Reverse Mathematics: Proofs from the Inside Out
- First edition
- Author: John Stillwell
- Language: English
- Genre: Mathematics
- Publisher: Princeton University Press
- Publication date: 2018

= Reverse Mathematics: Proofs from the Inside Out =

Book by John Stillwell

Reverse Mathematics: Proofs from the Inside Out is a book by John Stillwell on reverse mathematics, the process of examining proofs in mathematics to determine which axioms are required by the proof. It was published in 2018 by the Princeton University Press.

==Topics==
The book begins with a historical overview of the long struggles with the parallel postulate in Euclidean geometry, and of the foundational crisis of the late 19th and early 20th centuries, Then, after reviewing background material in real analysis and computability theory, the book concentrates on the reverse mathematics of theorems in real analysis, including the Bolzano–Weierstrass theorem, the Heine–Borel theorem, the intermediate value theorem and extreme value theorem, the Heine–Cantor theorem on uniform continuity, the Hahn–Banach theorem, and the Riemann mapping theorem.
These theorems are analyzed with respect to three of the "big five" subsystems of second-order arithmetic, namely arithmetical comprehension, recursive comprehension, and the weak Kőnig's lemma.

==Audience==
The book is aimed at a "general mathematical audience" including undergraduate mathematics students with an introductory-level background in real analysis. It is intended both to excite mathematicians, physicists, and computer scientists about the foundational issues in their fields, and to provide an accessible introduction to the subject. However, it is not a textbook; for instance, it has no exercises. One theme of the book is that many theorems in this area require axioms in second-order arithmetic that encompass infinite processes and uncomputable functions.

==Reception and related reading==
Jeffry Hirst criticizes the book, writing that "if one is not too obsessive about the details, Proofs from the Inside Out is an interesting introduction," while finding details that he would prefer to be handled differently, in a topic for which details are important. In particular, in this area, there are multiple choices for how to build up the arithmetic on real numbers from simpler data types such as the natural numbers, and while Stillwell discusses three of them (decimal numerals, Dedekind cuts, and nested intervals), converting between them itself requires nontrivial axiomatic assumptions.

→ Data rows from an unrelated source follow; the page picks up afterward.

Lemma is_derive_dot3 X Y t : ex_derive3 X t -> ex_derive3 Y t ->
  is_derive (fun s => dot3 (X s) (Y s)) t (dot3 (Derive3 X t) (Y t) + dot3 (X t) (Derive3 Y t)).
Proof.
  intros (X1 & X2 & X3) (Y1 & Y2 & Y3).
  exact (is_derive_sum3_mult _ _ _ _ _ _ t X1 X2 X3 Y1 Y2 Y3).
Qed.

Lemma dot3_Derive3_unit X t : (forall s, dot3 (X s) (X s) = 1) -> ex_derive3 X t ->
  dot3 (X t) (Derive3 X t) = 0.
Proof.
  intros Hunit HX.
  pose proof (is_derive_unique _ _ _ (is_derive_dot3 X X t HX HX)) as H.
  rewrite (Derive_ext _ (fun _ => 1) _ Hunit), Derive_const, (dot3_comm (Derive3 X t)) in H.
  lra.
Qed.

Lemma is_derive_plus_mult (p c q : R -> R) t :
  ex_derive p t -> ex_derive c t -> ex_derive q t ->
  is_derive (fun s => p s + c s * q s) t (Derive p t + (Derive c t * q t + c t * Derive q t)).
Proof.
  intros; auto_derive; [repeat split; assumption |].
  change (fun x : R => p x) with p; change (fun x : R => c x) with c;
    change (fun x : R => q x) with q.
  ring.
Qed.

Lemma Derive3_add_scal X c Y t : ex_derive3 X t -> ex_derive c t -> ex_derive3 Y t ->
  Derive3 (fun s => add3 (X s) (scal3 (c s) (Y s))) t
  = add3 (Derive3 X t) (add3 (scal3 (Derive c t) (Y t)) (scal3 (c t) (Derive3 Y t))).
Proof.
  intros (X1 & X2 & X3) Hc (Y1 & Y2 & Y3); apply V3_ext; apply is_derive_unique.
  - exact (is_derive_plus_mult _ _ _ t X1 Hc Y1).
  - exact (is_derive_plus_mult _ _ _ t X2 Hc Y2).
  - exact (is_derive_plus_mult _ _ _ t X3 Hc Y3).
Qed.

Lemma smooth3_ex_derive3_u F u v : smooth3 F -> ex_derive3 (fun s => F s v) u.
Proof.
  intros (F1 & F2 & F3); split; [|split];
    [exact (smooth2_ex_derive_u _ u v F1) | exact (smooth2_ex_derive_u _ u v F2)
    | exact (smooth2_ex_derive_u _ u v F3)].
Qed.

Lemma smooth3_ex_derive3_v F u v : smooth3 F -> ex_derive3 (fun s => F u s) v.
Proof.
  intros (F1 & F2 & F3); split; [|split];
    [exact (smooth2_ex_derive_v _ u v F1) | exact (smooth2_ex_derive_v _ u v F2)
    | exact (smooth2_ex_derive_v _ u v F3)].
Qed.

Definition tangent4 (S : R -> R -> V4) (u v x y : R) : V4 :=
  add4 (scal4 x (du4 S u v)) (scal4 y (dv4 S u v)).

Lemma space_tangent4 S u v x y :
  space (tangent4 S u v x y) = add3 (scal3 x (space (du4 S u v))) (scal3 y (space (dv4 S u v))).
Proof. reflexivity. Qed.

Lemma du3_comp3 F G1 G2 x y :
  smooth3 F -> ex_derive (fun s => G1 s y) x -> ex_derive (fun s => G2 s y) x ->
  du3 (comp3 F G1 G2) x y = tangent F (G1 x y) (G2 x y) (du G1 x y) (du G2 x y).
Proof.
  intros (F1 & F2 & F3) H1 H2; apply V3_ext; cbn [x1 x2 x3 du3 dv3 tangent add3 scal3];
    unfold comp3.
  - etransitivity; [exact (du_comp _ G1 G2 x y F1 H1 H2) | ring].
  - etransitivity; [exact (du_comp _ G1 G2 x y F2 H1 H2) | ring].
  - etransitivity; [exact (du_comp _ G1 G2 x y F3 H1 H2) | ring].
Qed.

Lemma dv3_comp3 F G1 G2 x y :
  smooth3 F -> ex_derive (fun s => G1 x s) y -> ex_derive (fun s => G2 x s) y ->
  dv3 (comp3 F G1 G2) x y = tangent F (G1 x y) (G2 x y) (dv G1 x y) (dv G2 x y).
Proof.
  intros (F1 & F2 & F3) H1 H2; apply V3_ext; cbn [x1 x2 x3 du3 dv3 tangent add3 scal3];
    unfold comp3.
  - etransitivity; [exact (dv_comp _ G1 G2 x y F1 H1 H2) | ring].
  - etransitivity; [exact (dv_comp _ G1 G2 x y F2 H1 H2) | ring].
  - etransitivity; [exact (dv_comp _ G1 G2 x y F3 H1 H2) | ring].
Qed.

Lemma du4_comp4 S G1 G2 x y :
  smooth4 S -> ex_derive (fun s => G1 s y) x -> ex_derive (fun s => G2 s y) x ->
  du4 (comp4 S G1 G2) x y = tangent4 S (G1 x y) (G2 x y) (du G1 x y) (du G2 x y).
Proof.
  intros (S1 & S2 & S3 & S4) H1 H2; apply V4_ext; cbn [y1 y2 y3 y4 du4 dv4 tangent4 add4 scal4];
    unfold comp4.
  - etransitivity; [exact (du_comp _ G1 G2 x y S1 H1 H2) | ring].
  - etransitivity; [exact (du_comp _ G1 G2 x y S2 H1 H2) | ring].
  - etransitivity; [exact (du_comp _ G1 G2 x y S3 H1 H2) | ring].
  - etransitivity; [exact (du_comp _ G1 G2 x y S4 H1 H2) | ring].
Qed.

Lemma dv4_comp4 S G1 G2 x y :
  smooth4 S -> ex_derive (fun s => G1 x s) y -> ex_derive (fun s => G2 x s) y ->
  dv4 (comp4 S G1 G2) x y = tangent4 S (G1 x y) (G2 x y) (dv G1 x y) (dv G2 x y).
Proof.
  intros (S1 & S2 & S3 & S4) H1 H2; apply V4_ext; cbn [y1 y2 y3 y4 du4 dv4 tangent4 add4 scal4];
    unfold comp4.
  - etransitivity; [exact (dv_comp _ G1 G2 x y S1 H1 H2) | ring].
  - etransitivity; [exact (dv_comp _ G1 G2 x y S2 H1 H2) | ring].
  - etransitivity; [exact (dv_comp _ G1 G2 x y S3 H1 H2) | ring].
  - etransitivity; [exact (dv_comp _ G1 G2 x y S4 H1 H2) | ring].
Qed.

(** * Tangent planes and the form II - r III *)

Lemma shape_tangent n u v x y : shape n u v x y = scal3 (-1) (tangent n u v x y).
Proof. reflexivity. Qed.

Lemma tangent_lincomb f u v c1 c2 x y x' y' :
  tangent f u v (c1 * x + c2 * x') (c1 * y + c2 * y')
  = add3 (scal3 c1 (tangent f u v x y)) (scal3 c2 (tangent f u v x' y')).
Proof. apply V3_ext; unfold tangent; cbn [x1 x2 x3 add3 scal3]; ring. Qed.

Lemma shape_lincomb n u v c1 c2 x y x' y' :
  shape n u v (c1 * x + c2 * x') (c1 * y + c2 * y')
  = add3 (scal3 c1 (shape n u v x y)) (scal3 c2 (shape n u v x' y')).
Proof.
  rewrite !shape_tangent, tangent_lincomb; apply V3_ext; cbn [x1 x2 x3 add3 scal3]; ring.
Qed.

Lemma conjugate_tangent f n u v x y w : indep3 (du3 f u v) (dv3 f u v) ->
  conjugate f n u v (tangent f u v x y) w <-> dot3 (shape n u v x y) w = 0.
Proof.
  intros Hi; split; [|now exists x, y].
  intros (x' & y' & E & Hw).
  enough (x = x' /\ y = y') as [-> ->] by exact Hw.
  destruct (Hi (x - x') (y - y')); [|split; lra].
  pose proof (f_equal x1 E) as E1; pose proof (f_equal x2 E) as E2;
    pose proof (f_equal x3 E) as E3.
  unfold tangent in E1, E2, E3; cbn [x1 x2 x3 add3 scal3] in E1, E2, E3.
  apply V3_ext; cbn [x1 x2 x3 add3 scal3 zero3]; lra.
Qed.

(* II - r III at f(u, v), evaluated on the parameter directions (w1, w2) and (z1, z2). *)
Definition lconj_form (f n : R -> R -> V3) (r : Fun2) (u v w1 w2 z1 z2 : R) : R :=
  dot3 (tangent f u v w1 w2) (shape n u v z1 z2)
  - r u v * dot3 (shape n u v w1 w2) (shape n u v z1 z2).

Lemma lconj_form_scal f n r u v w1 w2 z1 z2 l m :
  lconj_form f n r u v (l * w1) (l * w2) (m * z1) (m * z2)
  = l * m * lconj_form f n r u v w1 w2 z1 z2.
Proof. unfold lconj_form, shape, tangent, dot3; simpl; ring. Qed.

(** * The Minkowski lift of the sphere congruence *)

Section SphereLift.

Variables (f n : R -> R -> V3) (r : Fun2).
Hypotheses (Hf : smooth3 f) (Hn : unit_normal f n) (Hr : smooth2 r)
  (HS : smooth4 (sphere_lift f n r))
  (HSi : forall u v, indep4 (du4 (sphere_lift f n r) u v) (dv4 (sphere_lift f n r) u v)).

Local Notation S := (sphere_lift f n r).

However, James Case calls the book "very readable", and Roman Kossak calls it "a stellar example of expository writing on mathematics". Several other reviewers agree that this book could be helpful as a non-technical way to create interest in this topic in mathematicians who are not already familiar with it, and lead them to more in-depth material in this area.

As additional reading on reverse mathematics in combinatorics, Hirst suggests Slicing the Truth by Denis Hirschfeldt. Another book suggested by reviewer Reinhard Kahle is Stephen G. Simpson's Subsystems of Second Order Arithmetic.